ClarityCalc · Story

Why we built ClarityCalc

We ran an MSP for years. Like most MSPs, we were focused on growth and operational maturity… getting our legacy customers onto real contracts, untangling years of “what did we sell this person?”, curating a tool stack we were genuinely proud of.

But the world the tool stack served was changing.

A work computer became a work computer plus a home laptop plus a smartphone plus a tablet. The blast radius expanded from “the office network” to wherever your users happened to open their laptops. The threat surface expanded. Compliance frameworks multiplied. The SaaS market got more sophisticated, with license minimums, package deals, tiered pricing, vendor consolidation plays.

Each of those shifts made our service offering more complex. None of them changed the way we priced.

The first version of ClarityCalc was, unsurprisingly, a spreadsheet. We were trying to do something that sounded simple: calculate a fair annual increase across our client base.

We had over 50 clients. Hundreds of vendor-and-product combinations between them. Years of legacy agreements where the original pricing logic was preserved only in the heads of whoever happened to quote it. Some clients had old prices that no longer covered our costs. Some had services they weren't actually using. Some had us delivering things that weren't on any contract.

What started as something we thought would be simple rapidly got muddier and muddier. Tool costs per client. Labor costs per service. Margin per agreement. Each cell we filled in raised three more questions.

Iteration after iteration of those spreadsheets planted the seed. A spreadsheet wasn't the right shape for this. Environments are too dynamic. Vendor prices change. Client headcounts change. A spreadsheet captures a moment; what we needed was a system.

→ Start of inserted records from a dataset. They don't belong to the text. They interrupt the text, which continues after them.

(* Let $\mathfrak{G}\subset\mathbb{R}^3$ be the Gaussian bell-shaped surface $z=f(x,y)=\frac32e^{-(x^2+y^2)}$ with the Riemannian metric $h$ induced from $\mathbb{R}^3$, let $\bar g>0$, and let $\mathbf{G}^T=-\bar g\,\mathrm{grad}_hf=-\frac{\bar g}{q+1}\big(f_x\frac{\partial}{\partial x}+f_y\frac{\partial}{\partial y}\big)$, $q=f_x^2+f_y^2$, be the gravitational wind on $\mathfrak{G}$. Let $\tilde\eta\in[0,1]$ and let $\tilde F_{\tilde\eta}$ be the slippery-cross-slope metric on $\mathfrak{G}$, i.e. at each $(x,y)\in T\mathfrak{G}\setminus\{0\}$ the positive solution $\tilde F$ of $F(x,y-\tilde F\,\mathbf{G}^T)=\tilde F$ with $F=\frac{\alpha^2}{\alpha+\tilde\eta\bar g\beta}$, $\alpha=\sqrt{h(y,y)}$, $\beta=-\frac1{\bar g}h(y,\mathbf{G}^T)$. Then the indicatrix of $\tilde F_{\tilde\eta}$ is strongly convex on the entire surface $\mathfrak{G}$ if and only if $\bar g<\delta_2(\tilde\eta)$, where $\delta_2(\tilde\eta)=\frac{\sqrt{2e+9}}{3(1-\tilde\eta)}$ if $\tilde\eta\in[0,\frac13]$ and $\delta_2(\tilde\eta)=\frac{\sqrt{2e+9}}{6\tilde\eta}$ if $\tilde\eta\in(\frac13,1]$.
   Context: The slippery-cross-slope metric equivalently satisfies $\tilde F\sqrt{\alpha^2+2\bar g\beta\tilde F+\|\mathbf{G}^T\|_h^2\tilde F^2}=\alpha^2+(2-\tilde\eta)\bar g\beta\tilde F+(1-\tilde\eta)\|\mathbf{G}^T\|_h^2\tilde F^2$. *)

From Stdlib Require Import Reals.
From Coquelicot Require Import Coquelicot.
Open Scope R_scope.

(* Points of the surface are given by their chart coordinates p = (x,y);
   tangent vectors at p are given by their components w = (u,v) in the
   coordinate basis (d/dx, d/dy). *)

Definition fG (x y : R) : R := 3 / 2 * exp (- (x ^ 2 + y ^ 2)).

Definition fx (p : R * R) : R := Derive (fun s => fG s (snd p)) (fst p).
Definition fy (p : R * R) : R := Derive (fun s => fG (fst p) s) (snd p).

Definition qG (p : R * R) : R := fx p ^ 2 + fy p ^ 2.

(* Riemannian metric h induced from R^3 by (x,y) |-> (x,y,f(x,y)):
   h = (1+f_x^2)dx^2 + 2 f_x f_y dx dy + (1+f_y^2) dy^2 *)
Definition hmet (p w1 w2 : R * R) : R :=
  fst w1 * fst w2 + snd w1 * snd w2
  + (fx p * fst w1 + fy p * snd w1) * (fx p * fst w2 + fy p * snd w2).

Definition Gwind (gbar : R) (p : R * R) : R * R :=
  (- (gbar / (qG p + 1)) * fx p, - (gbar / (qG p + 1)) * fy p).

Definition alpha (p w : R * R) : R := sqrt (hmet p w w).
Definition beta (gbar : R) (p w : R * R) : R := - (1 / gbar) * hmet p w (Gwind gbar p).

Definition Fcs (gbar eta : R) (p w : R * R) : R :=
  alpha p w ^ 2 / (alpha p w + eta * gbar * beta gbar p w).

Definition shiftw (gbar : R) (p w : R * R) (t : R) : R * R :=
  (fst w - t * fst (Gwind gbar p), snd w - t * snd (Gwind gbar p)).

Definition is_slippery_cross_slope (gbar eta : R) (Ft : R * R -> R * R -> R) : Prop :=
  forall p w : R * R,
    (w = (0, 0) -> Ft p w = 0) /\
    (w <> (0, 0) ->
       0 < Ft p w /\ Fcs gbar eta p (shiftw gbar p w (Ft p w)) = Ft p w /\
       (forall t, 0 < t -> Fcs gbar eta p (shiftw gbar p w t) = t -> t = Ft p w)).

(* Strong convexity of the indicatrix {w <> 0 | N w = 1} of N : T_pM -> R:
   at every point w of the indicatrix, N is differentiable with nonzero
   gradient (a,b) (so the indicatrix is a regular curve there), and the
   second fundamental form of the indicatrix is positive, i.e. the second
   derivative of N along the tangent direction (-b,a) is > 0
   (positive curvature with respect to the inner normal). *)
Definition strongly_convex_indicatrix (N : R * R -> R) : Prop :=
  forall w : R * R, w <> (0, 0) -> N w = 1 ->
    exists a b : R, (a, b) <> (0, 0) /\
      differentiable_pt_lim (fun u v => N (u, v)) (fst w) (snd w) a b /\
      (let line := fun t => N (fst w - t * b, snd w + t * a) in
       locally 0 (fun t => ex_derive line t) /\
       exists k : R, 0 < k /\ is_derive (Derive line) 0 k).

Definition delta2 (eta : R) : R :=
  if Rle_dec eta (1 / 3)
  then sqrt (2 * exp 1 + 9) / (3 * (1 - eta))
  else sqrt (2 * exp 1 + 9) / (6 * eta).

From Stdlib Require Import Reals Lra Psatz ClassicalEpsilon FunctionalExtensionality.
From Coquelicot Require Import Coquelicot.
Open Scope R_scope.

(* On each tangent plane, F = alpha^2 / (alpha + eta gbar beta) is a
   Matsumoto-type norm: it is strongly convex iff |eta gbar beta| < alpha / 2
   everywhere, i.e. 4 eta^2 h(G,G) < 1, and F(-G) < 1 iff
   (1 - eta)^2 h(G,G) < 1.  Since h(G,G) = gbar^2 q / (q + 1) and
   q = f_x^2 + f_y^2 reaches its maximum 9 / (2e) on the circle
   x^2 + y^2 = 1/2, both conditions hold on the whole surface iff
   gbar < delta2(eta).

   When they hold, s |-> F(w - s G) - s decreases at a uniform rate, so
   Zermelo's equation has a unique positive solution, which is smooth in w by
   the implicit function theorem; its indicatrix is the indicatrix of F
   translated by G, hence strongly convex.  Conversely, if
   (1 - eta)^2 h(G,G) >= 1 somewhere, w = -G has no solution; otherwise some
   point of the x-axis has 4 eta^2 h(G,G) = 1 exactly, and there the
   indicatrix of the solution, symmetric under (u, v) |-> (u, -v), stays
   within O(T^4) of its vertical tangent line at its point on the u-axis, so
   its curvature vanishes there. *)

(** * Real analysis *)

Lemma locally_Rabs (P : R -> Prop) x :
  locally x P <-> exists d : posreal, forall y, Rabs (y - x) < d -> P y.
Proof. split; intros [d hd]; exists d; exact hd. Qed.

Lemma continuity_pt_of_is_derive (f : R -> R) x l :
  is_derive f x l -> continuity_pt f x.
Proof.
  intros h. apply continuity_pt_filterlim.
  apply (ex_derive_continuous (K := R_AbsRing) (V := R_NormedModule)). now exists l.
Qed.

Lemma continuity_pt_affine a b t0 : continuity_pt (fun t => a - t * b) t0.
Proof. apply (continuity_pt_of_is_derive _ _ (- b)). auto_derive; auto. ring. Qed.

Lemma is_derive_shift (h : R -> R) t0 l :
  is_derive (fun s => h (t0 + s)) 0 l -> is_derive h t0 l.
Proof.
  intros H.
  assert (H' : is_derive (fun z => (fun s => h (t0 + s)) (z - t0)) t0 (scal 1 l)).
  { apply (is_derive_comp (fun s => h (t0 + s)) (fun z => z - t0)).
    - replace (t0 - t0) with 0 by ring. exact H.
    - auto_derive; auto. }
  change (scal 1 l) with (1 * l) in H'. rewrite Rmult_1_l in H'.
  eapply is_derive_ext; [|exact H']. intros z. simpl. f_equal; ring.
Qed.

Lemma mean_value_abs_le (f df : R -> R) a b c0 eps :
  (forall z, Rabs (z - a) <= Rabs (b - a) -> is_derive f z (df z)) ->
  (forall z, Rabs (z - a) <= Rabs (b - a) -> Rabs (df z - c0) <= eps) ->
  Rabs (f b - f a - c0 * (b - a)) <= eps * Rabs (b - a).
Proof.
  intros hd hb.
  destruct (MVT_cor4 f df a (Rabs (b - a)) hd b (Rle_refl _)) as [c [e hc]].
  rewrite e. replace (df c * (b - a) - c0 * (b - a)) with ((df c - c0) * (b - a)) by ring.
  rewrite Rabs_mult. apply Rmult_le_compat_r; [apply Rabs_pos | now apply hb].
Qed.

Lemma differentiable_pt_lim_of_partials (f d1 d2 : R -> R -> R) x y :
  locally_2d (fun u v => is_derive (fun z => f z v) u (d1 u v) /\
                         is_derive (fun z => f u z) v (d2 u v)) x y ->
  continuity_2d_pt d1 x y -> continuity_2d_pt d2 x y ->
  differentiable_pt_lim f x y (d1 x y) (d2 x y).
Proof.
  intros [d0 hd] c1 c2 eps.
  assert (he2 : 0 < eps / 2) by (destruct eps; simpl; lra).
  destruct (c1 (mkposreal _ he2)) as [e1 h1].
  destruct (c2 (mkposreal _ he2)) as [e2 h2].
  assert (hmin : 0 < Rmin d0 (Rmin e1 e2)).
  { destruct d0, e1, e2; simpl. repeat apply Rmin_pos; lra. }
  exists (mkposreal _ hmin). simpl. intros u v hu hv.
  pose proof (Rmin_l d0 (Rmin e1 e2)). pose proof (Rmin_r d0 (Rmin e1 e2)).
  pose proof (Rmin_l e1 e2). pose proof (Rmin_r e1 e2).
  pose proof (cond_pos d0). pose proof (cond_pos e2).
  assert (A : Rabs (f u v - f x v - d1 x y * (u - x)) <= eps / 2 * Rabs (u - x)).
  { apply (mean_value_abs_le (fun z => f z v) (fun z => d1 z v)); intros z hz.
    - apply hd; lra.
    - apply Rlt_le, h1; lra. }
  assert (B : Rabs (f x v - f x y - d2 x y * (v - y)) <= eps / 2 * Rabs (v - y)).
  { apply (mean_value_abs_le (fun z => f x z) (fun z => d2 x z)); intros z hz.
    - apply hd; [rewrite Rminus_eq_0, Rabs_R0 |]; lra.
    - apply Rlt_le, h2; [rewrite Rminus_eq_0, Rabs_R0 |]; lra. }
  replace (f u v - f x y - (d1 x y * (u - x) + d2 x y * (v - y))) with
    ((f u v - f x v - d1 x y * (u - x)) + (f x v - f x y - d2 x y * (v - y))) by ring.
  eapply Rle_trans; [apply Rabs_triang|].
  pose proof (Rmax_l (Rabs (u - x)) (Rabs (v - y))).
  pose proof (Rmax_r (Rabs (u - x)) (Rabs (v - y))).
  destruct eps as [eps heps]; simpl in *. nra.
Qed.

Lemma linear_remainder_le a c h ds e :
  0 < Rabs c -> 0 <= e <= Rabs c / 2 ->
  Rabs (a * h + c * ds) <= e * Rmax (Rabs h) (Rabs ds) ->
  Rabs (a * h + c * ds) <= e * (2 * (Rabs a + Rabs c) / Rabs c) * Rabs h.
Proof.
  intros hc he hr.
  set (M := 2 * (Rabs a + Rabs c) / Rabs c).
  pose proof (Rabs_pos a). pose proof (Rabs_pos h). pose proof (Rabs_pos ds).
  assert (hmax : Rmax (Rabs h) (Rabs ds) <= Rabs h + Rabs ds).
  { apply Rmax_lub; lra. }
  assert (hcds : Rabs c * Rabs ds <= Rabs a * Rabs h + e * (Rabs h + Rabs ds)).
  { rewrite <- !Rabs_mult. replace (c * ds) with ((a * h + c * ds) - a * h) by ring.
    eapply Rle_trans; [apply Rabs_triang|]. rewrite Rabs_Ropp, Rabs_mult. nra. }
  assert (hds : Rabs ds <= M * Rabs h).
  { unfold M. apply (Rmult_le_reg_l (Rabs c)); [lra|].
    replace (Rabs c * (2 * (Rabs a + Rabs c) / Rabs c * Rabs h))
      with (2 * (Rabs a + Rabs c) * Rabs h) by (field; lra).
    nra. }
  assert (hM : 2 <= M).
  { unfold M. apply (Rmult_le_reg_r (Rabs c)); [lra|]. field_simplify; lra. }
  assert (Rmax (Rabs h) (Rabs ds) <= M * Rabs h) by (apply Rmax_lub; nra).
  fold M. nra.
Qed.

Lemma implicit_remainder_small (Phi : R -> R -> R) (S : R -> R) t0 a c :
  differentiable_pt_lim Phi t0 (S t0) a c -> continuity_pt S t0 ->
  locally t0 (fun t => Phi t (S t) = 0) ->
  forall e : posreal, exists d : posreal, forall h, Rabs h < d ->
    Rabs (a * h + c * (S (t0 + h) - S t0))
    <= e * Rmax (Rabs h) (Rabs (S (t0 + h) - S t0)).
Proof.
  intros hd hS hloc e.
  destruct (proj1 (locally_Rabs _ _) hloc) as [d3 h3].
  destruct (hd e) as [d1 h1].
  destruct (hS d1 (cond_pos d1)) as [d2 [hd2 h2]].
  assert (hdd : 0 < Rmin d1 (Rmin d2 d3)).
  { destruct d1, d3; simpl. repeat apply Rmin_pos; lra. }
  exists (mkposreal _ hdd). intros h hh. simpl in hh.
  pose proof (Rmin_l d1 (Rmin d2 d3)). pose proof (Rmin_r d1 (Rmin d2 d3)).
  pose proof (Rmin_l d2 d3). pose proof (Rmin_r d2 d3).
  assert (hds : Rabs (S (t0 + h) - S t0) < d1).
  { destruct (Req_dec h 0) as [->|hn].
    - rewrite Rplus_0_r, Rminus_eq_0, Rabs_R0. apply cond_pos.
    - apply (h2 (t0 + h)). split.
      + split; [exact I|]. intros e'. apply hn. lra.
      + simpl. unfold R_dist. replace (t0 + h - t0) with h by ring. lra. }
  assert (E0 : Phi (t0 + h) (S (t0 + h)) = 0).
  { apply h3. replace (t0 + h - t0) with h by ring. lra. }
  assert (E1 : Phi t0 (S t0) = 0).
  { apply h3. rewrite Rminus_eq_0, Rabs_R0. apply cond_pos. }
  pose proof (h1 (t0 + h) (S (t0 + h)) ltac:(replace (t0 + h - t0) with h by ring; lra) hds)
    as K.
  rewrite E0, E1 in K. replace (t0 + h - t0) with h in K by ring.
  rewrite <- Rabs_Ropp. replace (- _) with (0 - 0 - (a * h + c * (S (t0 + h) - S t0))) by ring.
  exact K.
Qed.

Lemma is_derive_implicit (Phi : R -> R -> R) (S : R -> R) t0 s0 a c :
  S t0 = s0 -> differentiable_pt_lim Phi t0 s0 a c -> c <> 0 -> continuity_pt S t0 ->
  locally t0 (fun t => Phi t (S t) = 0) ->
  is_derive S t0 (- a / c).
Proof.
  intros <- hd hc hS hloc.
  apply is_derive_Reals. intros eps heps.
  assert (hc' : 0 < Rabs c) by (apply Rabs_pos_lt; exact hc).
  set (M := 2 * (Rabs a + Rabs c) / Rabs c).
  assert (hM : 0 < M) by (unfold M; pose proof (Rabs_pos a); apply Rdiv_lt_0_compat; lra).
  set (e := Rmin (Rabs c / 2) (eps * Rabs c / (2 * M))).
  assert (he : 0 < e).
  { unfold e. apply Rmin_pos; [lra|]. apply Rdiv_lt_0_compat; nra. }
  pose proof (Rmin_l (Rabs c / 2) (eps * Rabs c / (2 * M))) as m1.
  pose proof (Rmin_r (Rabs c / 2) (eps * Rabs c / (2 * M))) as m2.
  fold e in m1, m2.
  destruct (implicit_remainder_small Phi S t0 a c hd hS hloc (mkposreal _ he)) as [d hsmall].
  exists d. intros h hh0 hh.
  set (ds := S (t0 + h) - S t0).
  pose proof (linear_remainder_le a c h ds e hc' ltac:(lra) (hsmall h hh)) as K. fold M in K.
  assert (hpos : 0 < Rabs h) by (apply Rabs_pos_lt; exact hh0).
  assert (K' : Rabs (a * h + c * ds) <= eps / 2 * (Rabs c * Rabs h)).
  { eapply Rle_trans; [exact K|].
    replace (eps / 2 * (Rabs c * Rabs h)) with (eps * Rabs c / (2 * M) * M * Rabs h)
      by (field; lra).
    apply Rmult_le_compat_r; [lra|]. apply Rmult_le_compat_r; lra. }
  replace (ds / h - - a / c) with ((a * h + c * ds) / (c * h)) by (field; auto).
  unfold Rdiv. rewrite Rabs_mult, Rabs_inv, Rabs_mult.
  assert (hch : 0 < Rabs c * Rabs h) by nra.
  apply (Rmult_lt_reg_r (Rabs c * Rabs h)); [exact hch|].
  rewrite Rmult_assoc, Rinv_l, Rmult_1_r by (apply Rgt_not_eq; exact hch). nra.
Qed.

We wanted a tool the owner could use, the sales person could use, the project team could use. A single source of truth that cut through confusion and made everything clear to everyone at the MSP.

By the time we made the decision to build, we'd already solved the problem on paper. The math, the data model, the relationships between products and services and clients and seats… all of it had been hammered into shape by years of trying to make spreadsheets do the work. The features were decided before we ever opened an IDE.

We sold the MSP and pivoted into consulting while ClarityCalc was being built. That move, and the peer groups we participated in along the way, confirmed something we suspected: the problem wasn't just ours. It was the industry's.

Almost every MSP we've talked to has built their own version of this. Some are sophisticated. Most are based on vibes and hope and a lot of manual effort. None of them survive the next vendor price change without significant rework.

There's no good reason every MSP should have to solve this independently.

ClarityCalc is built around a few things we promised ourselves we wouldn't compromise on, because we lived the alternative:

Pricing should be transparent.No “contact us for a quote.” No hidden tiers. The free tier is genuinely free, with no time limit and no credit card.

Commitments should be earned.No annual lock-in. If ClarityCalc isn't paying for itself in the time you've used it, you should be able to walk away.

The tools in your portfolio should earn their place. That's how we evaluate every vendor in our own stack. It's how we want our customers to evaluate us.

We built the tool we wished existed when we were running an MSP. If you're an MSP owner trying to figure out where your margins actually live, we hope it earns its place in yours.